What to work on: Read the lines of the data below and retrieve those with "rewrite".
--------------------------------
Lemma primitive_param : primitive (param s0 s1 s2 s3 y1 y2 y3).
Proof. by rewrite /param primitive_veronese ?torsor_coprime_abc ?torsor_coprime_s0. Qed.

Lemma inU_param : app7 inU (param s0 s1 s2 s3 y1 y2 y3).
Proof.
case/torsorP: tors => rel [h0 _ _ _] _ _.
apply: inU_veronese => //; first exact/lt0r_neq0/torsor_c_gt0.
have -> : s1 * y1 + - (s2 * y2) = - (s3 * y3) by rewrite -[RHS]add0r -rel; ring.
by ring.
Qed.

Lemma param_x6_gt0 : 0 < nth 0 (param s0 s1 s2 s3 y1 y2 y3) 5.
Proof.
by case/torsorP: tors => _ [h0 _ _ _] _ _; rewrite /= mulr_gt0 ?exprn_gt0 ?torsor_c_gt0.
Qed.

End Torsor.

Lemma param_inj s0 s1 s2 s3 y1 y2 y3 t0 t1 t2 t3 z1 z2 z3 :
  torsor s0 s1 s2 s3 y1 y2 y3 -> torsor t0 t1 t2 t3 z1 z2 z3 ->
  param s0 s1 s2 s3 y1 y2 y3 = param t0 t1 t2 t3 z1 z2 z3 ->
  [:: s0; s1; s2; s3; y1; y2; y3] = [:: t0; t1; t2; t3; z1; z2; z3].
Proof.
move=> hs ht e.
case/torsorP: (hs) => rel [h0 h1 h2 h3] _ _.
case/torsorP: (ht) => rel' [h0' _ _ _] _ _.
have [E0 ea /oppr_inj eb ec _] := veronese_inj h0 h0' (torsor_c_gt0 hs) (torsor_c_gt0 ht)
  (torsor_coprime_abc hs) (torsor_coprime_abc ht) e.
have [g1 g2 g3] := torsor_gcds hs; have [g1' g2' g3'] := torsor_gcds ht.
subst t0.
have E1 : s1 = t1 by rewrite -g1 -g1' ec ea.
have E2 : s2 = t2 by rewrite -g2 -g2' ec eb.
have E3 : s3 = t3 by rewrite -g3 -g3' ec ea eb.
subst t1 t2 t3.
have E4 : y1 = z1 by apply: (mulfI (lt0r_neq0 h1)).
have E5 : y2 = z2 by apply: (mulfI (lt0r_neq0 h2)).
have E6 : y3 = z3.
  apply: (mulfI (lt0r_neq0 h3)); apply: (addrI (s1 * y1 - s2 * y2)).
  by rewrite rel ea eb rel'.
by rewrite E4 E5 E6.
Qed.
--------------------------------
Response below:
Proof. by rewrite /param primitive_veronese ?torsor_coprime_abc ?torsor_coprime_s0. Qed.
have -> : s1 * y1 + - (s2 * y2) = - (s3 * y3) by rewrite -[RHS]add0r -rel; ring.
by case/torsorP: tors => _ [h0 _ _ _] _ _; rewrite /= mulr_gt0 ?exprn_gt0 ?torsor_c_gt0.
have E1 : s1 = t1 by rewrite -g1 -g1' ec ea.
have E2 : s2 = t2 by rewrite -g2 -g2' ec eb.
have E3 : s3 = t3 by rewrite -g3 -g3' ec ea eb.
  by rewrite rel ea eb rel'.
by rewrite E4 E5 E6.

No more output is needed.